From the data below, copy exactly the lines that lie between the one holding "rewrite -(@big_nat_delta _" and the one holding "rewrite (@big_nat_const_coef _ 1 n 1)", including both, and nothing more.

(Records drawn from a dataset)

==*==

Lemma super_compacted_mxv_lo i : (1 <= i <= n - 3)%N ->
  nat_mxv n (super_compacted_entry n) f i = f i.+1.
Proof.
move=> i_in; rewrite /nat_mxv -(@big_nat_delta _ 1 n.+1 _ f); last lia.
by apply: eq_big_nat => j j_in; congr (_%:R * _); entry_cases.
Qed.

Lemma super_compacted_mxv_nm2 :
  nat_mxv n (super_compacted_entry n) f (n - 2) = f (n - 1)%N + 2%:R * f n.
Proof.
rewrite /nat_mxv -(@big_nat_delta _ 1 n.+1 (n - 1) f); last lia.
rewrite -(@big_nat_delta _ 1 n.+1 n f); last lia.
rewrite mulr_sumr -big_split; apply: eq_big_nat => j j_in /=.
by rewrite mulrA -natrM -mulrDl -natrD; congr (_%:R * _); entry_cases.
Qed.

Lemma super_compacted_mxv_nm1 : nat_mxv n (super_compacted_entry n) f (n - 1) =
  (2 * n - 3)%:R * \sum_(1 <= j < n) f j + (2 * n - 4)%:R * f n.
Proof.
rewrite /nat_mxv big_nat_recr /=; last lia.
rewrite (@big_nat_const_coef _ 1 n (2 * n - 3)); last by move=> j j_in; entry_cases.
by congr (_ + _); congr (_%:R * _); entry_cases.
Qed.

Lemma super_compacted_mxv_n :
  nat_mxv n (super_compacted_entry n) f n = \sum_(1 <= j < n) f j + f n.
Proof.
rewrite /nat_mxv big_nat_recr /=; last lia.
rewrite (@big_nat_const_coef _ 1 n 1) ?mul1r; last by move=> j j_in; entry_cases.
by rewrite (_ : super_compacted_entry n n n = 1)%N ?mul1r //; entry_cases.
Qed.

End Rows.

Definition mirror_fold n (f : nat -> algC) k : algC :=
  if (k < n)%N then f k + f (2 * n - k)%N else f n.

(* The middle entry is doubled, so that mirror_fold n (mirror_unfold n u) = 2 u. *)
Definition mirror_unfold n (u : nat -> algC) k : algC :=
  if (k < n)%N then u k else if k == n then 2%:R * u n else u (2 * n - k)%N.

Section Folding.
Context {n : nat} {z : algC}.
Hypothesis n_ge3 : (3 <= n)%N.

Lemma mirror_fold_eigeneq f :
  nat_eigeneq (2 * n - 1) (compacted_entry n) z f ->
  nat_eigeneq n (super_compacted_entry n) z (mirror_fold n f).
Proof.
move=> Cf i i_in.
have eq_lo k : (1 <= k <= n - 3)%N -> f k.+1 = z * f k.
  by move=> k_in; rewrite -(compacted_mxv_lo n_ge3 _ k_in) Cf //; lia.
have eq_hi k : (n + 3 <= k <= 2 * n - 1)%N -> f k.-1 = z * f k.
  by move=> k_in; rewrite -(compacted_mxv_hi n_ge3 _ k_in) Cf //; lia.
have eq_nm2 : f (n - 1)%N + f n = z * f (n - 2)%N.
  by rewrite -(compacted_mxv_nm2 n_ge3) Cf //; lia.
have eq_nm1 := compacted_mxv_nm1 (f := f) n_ge3; rewrite Cf in eq_nm1; last lia.
have eq_n := compacted_mxv_n (f := f) n_ge3; rewrite Cf in eq_n; last lia.
have eq_nS := compacted_mxv_nS (f := f) n_ge3; rewrite Cf in eq_nS; last lia.
have eq_nSS := compacted_mxv_nSS (f := f) n_ge3; rewrite Cf in eq_nSS; last lia.
have sum_fold : \sum_(1 <= j < n) mirror_fold n f j =
    \sum_(1 <= j < n) f j + \sum_(n.+1 <= j < 2 * n) f j.
  rewrite -big_nat_mirror -big_split; apply: eq_big_nat => j j_in.
  by rewrite /mirror_fold ifT //; lia.
rewrite /mirror_fold.
case: (leqP i (n - 3)) => [i_le | i_gt].
  rewrite (super_compacted_mxv_lo n_ge3); last lia.
  rewrite !ifT; try lia.
  rewrite eq_lo; last lia.
  by rewrite (_ : (2 * n - i.+1 = (2 * n - i).-1)%N) ?eq_hi ?mulrDr //; lia.
have [->|[->|->]] : (i = n - 2 \/ i = n - 1 \/ i = n)%N by lia.
- rewrite (super_compacted_mxv_nm2 n_ge3) /mirror_fold ltnn !ifT; try lia.
  rewrite (_ : (2 * n - (n - 1) = n.+1)%N); last lia.
  rewrite (_ : (2 * n - (n - 2) = n.+2)%N); last lia.
  by rewrite mulrDr -eq_nm2 eq_nSS; ring.
- rewrite (super_compacted_mxv_nm1 n_ge3) sum_fold /mirror_fold ltnn ifT; last lia.
  rewrite (_ : (2 * n - (n - 1) = n.+1)%N); last lia.
  rewrite [in RHS]mulrDr eq_nm1 eq_nS.
  rewrite (_ : (2 * n - 3 = (n - 2) + (n - 1))%N); last lia.
  by rewrite (_ : (2 * n - 4 = (n - 2) + (n - 2))%N) ?natrD; [ring | lia].
- by rewrite (super_compacted_mxv_n n_ge3) sum_fold /mirror_fold ltnn eq_n; ring.
Qed.

Lemma compacted_eigeneq_geometric f :
  nat_eigeneq (2 * n - 1) (compacted_entry n) z f -> f n = 0 ->
  forall k, (k < n - 1)%N -> f k.+1 = z ^+ k * f 1%N.
Proof.
move=> Cf fn0; elim=> [|k IH] k_lt; first by rewrite expr0 mul1r.
rewrite exprS -mulrA -IH; last lia.
have [k_le | k_gt] := leqP k.+1 (n - 3).
  by rewrite -(compacted_mxv_lo n_ge3 k.+1) ?Cf //; lia.
rewrite (_ : k.+2 = n - 1)%N; last lia.
rewrite (_ : k.+1 = n - 2)%N; last lia.
by rewrite -[LHS]addr0 -fn0 -(compacted_mxv_nm2 n_ge3) Cf //; lia.
Qed.

Lemma mirror_fold_eq0_expr_eq1 f :
  nat_eigeneq (2 * n - 1) (compacted_entry n) z f -> nonzero_on (2 * n - 1) f ->
  (forall k, (1 <= k <= n)%N -> mirror_fold n f k = 0) -> z ^+ n = 1.
Proof.
move=> Cf [k0 k0_in fk0] fold0.
have fn0 : f n = 0 by have := fold0 n; rewrite /mirror_fold ltnn; apply; lia.
have f_mirror k : (1 <= k < n)%N -> f (2 * n - k)%N = - f k.
  move=> k_in; have : mirror_fold n f k = 0 by apply: fold0; lia.
  rewrite /mirror_fold ifT; last lia.
  by move/eqP; rewrite addrC addr_eq0 => /eqP.
have geom := compacted_eigeneq_geometric _ Cf fn0.
pose S := \sum_(j < n.-1) z ^+ j.
have sum_lo : \sum_(1 <= j < n) f j = S * f 1%N.
  rewrite big_add1 /= big_mkord mulr_suml; apply: eq_bigr => j _.
  by apply: geom; have := ltn_ord j; lia.
have sum_hi : \sum_(n.+1 <= j < 2 * n) f j = - (S * f 1%N).
  rewrite -big_nat_mirror -sum_lo -sumrN.
  by apply: eq_big_nat => j j_in; apply: f_mirror; lia.
have f1_neq0 : f 1%N != 0.
  apply: contraNneq fk0 => f1_eq0.
  have f_lo k : (1 <= k < n)%N -> f k = 0.
    move=> k_in; have -> : k = k.-1.+1 by lia.
    by rewrite geom ?f1_eq0 ?mulr0 //; lia.
  apply/eqP; have [k0_lt | k0_gt | ->] := ltngtP k0 n; [apply: f_lo; lia | | exact: fn0].
  have k0_le : (k0 <= 2 * n)%N by lia.
  have k0_mirror : (1 <= 2 * n - k0 < n)%N by lia.
  by rewrite -(subKn k0_le) f_mirror // f_lo ?oppr0.
have f_nm1 : f (n - 1)%N = z ^+ (n - 2) * f 1%N.
  by rewrite (_ : n - 1 = (n - 2).+1)%N 1?geom //; lia.
have row_nm1 := compacted_mxv_nm1 (f := f) n_ge3.
rewrite Cf in row_nm1; last lia.
rewrite sum_lo sum_hi fn0 addr0 f_nm1 in row_nm1.
have coef : (n - 1)%:R = (n - 2)%:R + 1 :> algC.
  by rewrite natr1; congr _%:R; lia.
have geom_sum0 : (\sum_(j < n) z ^+ j) * f 1%N = 0.
  rewrite -(prednK (_ : 0 < n)%N) ?big_ord_recr /= -/S; last lia.
  rewrite (_ : n.-1 = (n - 2).+1)%N ?exprS; last lia.
  by rewrite mulrDl -mulrA row_nm1 coef; ring.
move/eqP: geom_sum0; rewrite mulf_eq0 (negbTE f1_neq0) orbF => /eqP sum0.
by apply/eqP; rewrite -subr_eq0 subrX1 sum0 mulr0.
Qed.

Lemma mirror_unfold_nonzero u :
  nonzero_on n u -> nonzero_on (2 * n - 1) (mirror_unfold n u).
Proof.
case=> k k_in uk; rewrite /mirror_unfold.
have [k_lt | k_gt | k_eq] := ltngtP k n.
- by exists k; rewrite ?k_lt //; lia.
- lia.
- by exists n; rewrite ?ltnn ?eqxx -?k_eq ?mulf_neq0 ?pnatr_eq0 //; lia.
Qed.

==*==

Written solution >>
rewrite -(@big_nat_delta _ 1 n.+1 n f); last lia.
rewrite mulr_sumr -big_split; apply: eq_big_nat => j j_in /=.
by rewrite mulrA -natrM -mulrDl -natrD; congr (_%:R * _); entry_cases.
Qed.

Lemma super_compacted_mxv_nm1 : nat_mxv n (super_compacted_entry n) f (n - 1) =
  (2 * n - 3)%:R * \sum_(1 <= j < n) f j + (2 * n - 4)%:R * f n.
Proof.
rewrite /nat_mxv big_nat_recr /=; last lia.
rewrite (@big_nat_const_coef _ 1 n (2 * n - 3)); last by move=> j j_in; entry_cases.
by congr (_ + _); congr (_%:R * _); entry_cases.
Qed.

Lemma super_compacted_mxv_n :
  nat_mxv n (super_compacted_entry n) f n = \sum_(1 <= j < n) f j + f n.
Proof.
rewrite /nat_mxv big_nat_recr /=; last lia.
rewrite (@big_nat_const_coef _ 1 n 1) ?mul1r; last by move=> j j_in; entry_cases.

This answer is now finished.